To remedy this great organized scattering of our attention, there is a technique called “deep work” or “work in depth”. What distinguishes Bill Gates from ordinary mortals? His money certainly, his intelligence and his talent too, and perhaps even his luck. Qualities certainly difficult to acquire for everyone. But there is one trait of his character – largely responsible for his success – a little more accessible this time around: his ability to focus deeply on a single task.

This quasi-monomaniacal concentration is one of the main personality traits of the founder of Microsoft. Bill Gates indeed had the unique ability to put aside his distractions to devote himself in depth to a single task in an almost obsessive way. Nothing that could distract him or divert him from an objective until it was achieved. When he founded his computer software in 1974, he worked at it with incredible intensity, falling asleep at his keyboard while programming, then waking up a few hours later and getting back to work. We know the rest…

How to apply it?

Without going to such extremes, “deep work” suggests putting aside all distractions to enter a state of concentration and extreme productivity. We ignore our mailbox, we cut our social networks and we isolate ourselves from our external environment. The only thing that matters is the work to be done. Cal Newport, world famous author for his book “Deep Work”, professor at Georgetown University and a true authority in the United States, says that, thanks to this method, he would never work past 5:30 p.m.

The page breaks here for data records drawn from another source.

Lemma solution_uniq Sa Sb :
    is_solution_mod mu alpha beta H G Sa -> is_solution_mod mu alpha beta H G Sb ->
  trunc_series mu Sa = trunc_series mu Sb.
Proof.
move=> /is_solution_modP[a0 a1 hA] /is_solution_modP[b0 b1 hB].
set A := trunc_series mu Sa in hA *; set B := trunc_series mu Sb in hB *.
have cA i : A`_i = if (i < mu)%N then Sa i else 0 by rewrite coef_poly.
have cB i : B`_i = if (i < mu)%N then Sb i else 0 by rewrite coef_poly.
have hAB : 'X^mu %| A - B.
  have [mu_le1 | mu_gt1] := leqP mu 1.
    apply: dvdp_XnW mu_le1 _; apply/(dvdp_XnP 1) => -[|] // _.
    by rewrite coefB cA cB mu1 a0 b0 subrr.
  rewrite -(prednK mu1); apply: (defect_uniq hp p2) hA hB.
  - by rewrite prednK.
  - by rewrite cA cB mu1 a0 b0.
  - by rewrite cA cB mu_gt1 a1 b1 -mulr2n -mulr_natr mulf_neq0 ?beta_neq0 ?(two_neq0 hp).
apply/polyP => i; move/dvdp_XnP: hAB => /(_ i).
by rewrite coefB cA cB; case: ifP => // _ /(_ isT) /subr0_eq.
Qed.

End NewtonAlgorithm.

Theorem proposition3p1 (K : finFieldType) (p : nat) (alpha beta : K)
    (G : series K) (H : {poly K}) (mu : nat) :
  p \in [pchar K] -> (3 < p)%N ->
  H.[alpha] = 1 -> beta ^+ 2 = G 0%N -> G 0%N != 0 ->
  (1 <= mu <= p)%N ->
  (exists S : series K, is_solution_mod mu alpha beta H G S) /\
  (forall S : series K, is_solution_mod mu alpha beta H G S ->
     take_poly mu (newton_output mu alpha beta H G) = trunc_series mu S).
Proof.
move=> hp p3 Ha hb hG0 /andP[mu1 mup].
have p2 : (2 < p)%N := ltnW p3.
have sol := newton_output_solution hp p2 Ha hb hG0 mu1 mup.
split; first by eexists; exact: sol.
by move=> S; apply: (solution_uniq hp p2 hb hG0 mu1 mup sol).
Qed.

We therefore leave all distractions aside, but we also use the technique of “time blocking” which consists of dividing our time into specific slots that we each assign to a very specific task. In this way, you regain control of your time. Attention, important detail, these slots can be open to modifications if a new unforeseen task comes to upset your schedule. Then, it is essential to plan enough time and not to underestimate the time needed to complete a task.

Cal Newport’s other trick is not to plan eight hours of “deep work” in a row, but to integrate time slots for “superficial work”, that is to say small tasks. The human brain would in any case not be able to carry out intense work for more than 3 to 4 hours per day on average. Then, it’s a matter of getting used to “deep work” little by little and not trying to master it from day one. One of the solutions suggested to achieve this is to rehabilitate boredom. While our smartphone constantly activates our reward system through multiple stimuli, the key to success is to inject a little reverie into our daily lives. Thus, our brain will stop assimilating the lack of stimulation to boredom and will no longer seek to be distracted at all costs to counter it. To become the next Bill Gates, it’s up to you!